■ Data for this exercise
----------
(* Let $\Sigma$ be a finite alphabet and $\$\notin\Sigma$. If $L_1,\dots,L_n\subseteq\Sigma^*$ are languages each definable by a regulated $\mathsf{C\text{-}RASP}$ formula over $\Sigma$, then the language $L_1\$L_2\$\cdots\$L_n\subseteq(\Sigma\cup\{\$\})^*$ is definable by a $\mathsf{C\text{-}RASP}$ formula.
   Context: $\mathsf{C\text{-}RASP}$ formulas over a finite alphabet $\Sigma$: $\phi ::= \sigma \mid \Diamond^{-}\phi \mid \Box^{-}\phi \mid \neg\phi \mid \phi_1\wedge\phi_2 \mid \sum_{t\in\mathcal{T}}\alpha_t t\sim k$, terms $t ::= \#[\phi] \mid c$, with $\sigma\in\Sigma$, $\alpha_t,k,c\in\mathbb{Z}$, ${\sim}\in\{<,\le,=,\ge,>\}$. Semantics at position $i$ of $w=w_1\cdots w_n$: $w,i\models\sigma$ iff $w_i=\sigma$; Boolean connectives as usual; $w,i\models\Diamond^{-}\phi$ iff $w,j\models\phi$ for some $j<i$; $w,i\models\Box^{-}\phi$ iff $w,j\models\phi$ for all $j\le i$; $\#[\phi]$ evaluates to $|\{j\in[1,i]: w,j\models\phi\}|$, $c$ to $c$, comparisons are integer comparisons. $w\models\phi$ iff $w,|w|\models\phi$, and $\phi$ defines $L(\phi)=\{w: w\models\phi\}$. A formula is regulated if no atomic formula $\sigma$ occurs outside the scope of a counting operator $\#$. *)

From mathcomp Require Import all_boot all_order all_algebra.
Set Implicit Arguments. Unset Strict Implicit. Unset Printing Implicit Defensive.
Import Order.TTheory GRing.Theory Num.Theory.
Local Open Scope ring_scope.

Inductive cmp := CLt | CLe | CEq | CGe | CGt.

Definition cmp_eval (c : cmp) (x y : int) : bool :=
  match c with
  | CLt => x < y | CLe => x <= y | CEq => x == y | CGe => x >= y | CGt => x > y
  end.

(* Formulas over alphabet S. A linear combination sum_t alpha_t t of terms
   t ::= #[phi] | c is represented by the list-like type [lin]. *)
Inductive form (S : Type) : Type :=
| FSym : S -> form S
| FDia : form S -> form S
| FBox : form S -> form S
| FNot : form S -> form S
| FAnd : form S -> form S -> form S
| FCmp : lin S -> cmp -> int -> form S
with lin (S : Type) : Type :=
| LNil : lin S
| LCount : int -> form S -> lin S -> lin S
| LConst : int -> int -> lin S -> lin S.

Arguments FSym {S}. Arguments FDia {S}. Arguments FBox {S}. Arguments FNot {S}.
Arguments FAnd {S}. Arguments FCmp {S}. Arguments LNil {S}.
Arguments LCount {S}. Arguments LConst {S}.

(* Positions are 1..size w; w_i = nth (i-1). *)
Fixpoint sat {S : eqType} (f : form S) (w : seq S) (i : nat) {struct f} : bool :=
  match f with
  | FSym a => (0 < i)%N && (nth None (map Some w) i.-1 == Some a)
  | FDia g => has (fun j => sat g w j) (iota 1 i.-1)
  | FBox g => all (fun j => sat g w j) (iota 1 i)
  | FNot g => ~~ sat g w i
  | FAnd g h => sat g w i && sat h w i
  | FCmp l c k => cmp_eval c (lval l w i) k
  end
with lval {S : eqType} (l : lin S) (w : seq S) (i : nat) {struct l} : int :=
  match l with
  | LNil => 0
  | LCount a g r => a * (count (fun j => sat g w j) (iota 1 i))%:Z + lval r w i
  | LConst a c r => a * c + lval r w i
  end.

Definition models {S : eqType} (w : seq S) (f : form S) : bool := sat f w (size w).

(* regulated: no atomic formula outside the scope of a counting operator *)
Fixpoint regulated {S : Type} (f : form S) : bool :=
  match f with
  | FSym _ => false
  | FDia g | FBox g | FNot g => regulated g
  | FAnd g h => regulated g && regulated h
  | FCmp _ _ _ => true
  end.

Definition definable {S : eqType} (L : seq S -> Prop) : Prop :=
  exists f : form S, forall w, L w <-> models w f.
----------
■ Task item
Which lines of the records contain "FBox"? Show each of them.

■ Answer box
| FBox : form S -> form S
Arguments FSym {S}. Arguments FDia {S}. Arguments FBox {S}. Arguments FNot {S}.
  | FBox g => all (fun j => sat g w j) (iota 1 i)
  | FDia g | FBox g | FNot g => regulated g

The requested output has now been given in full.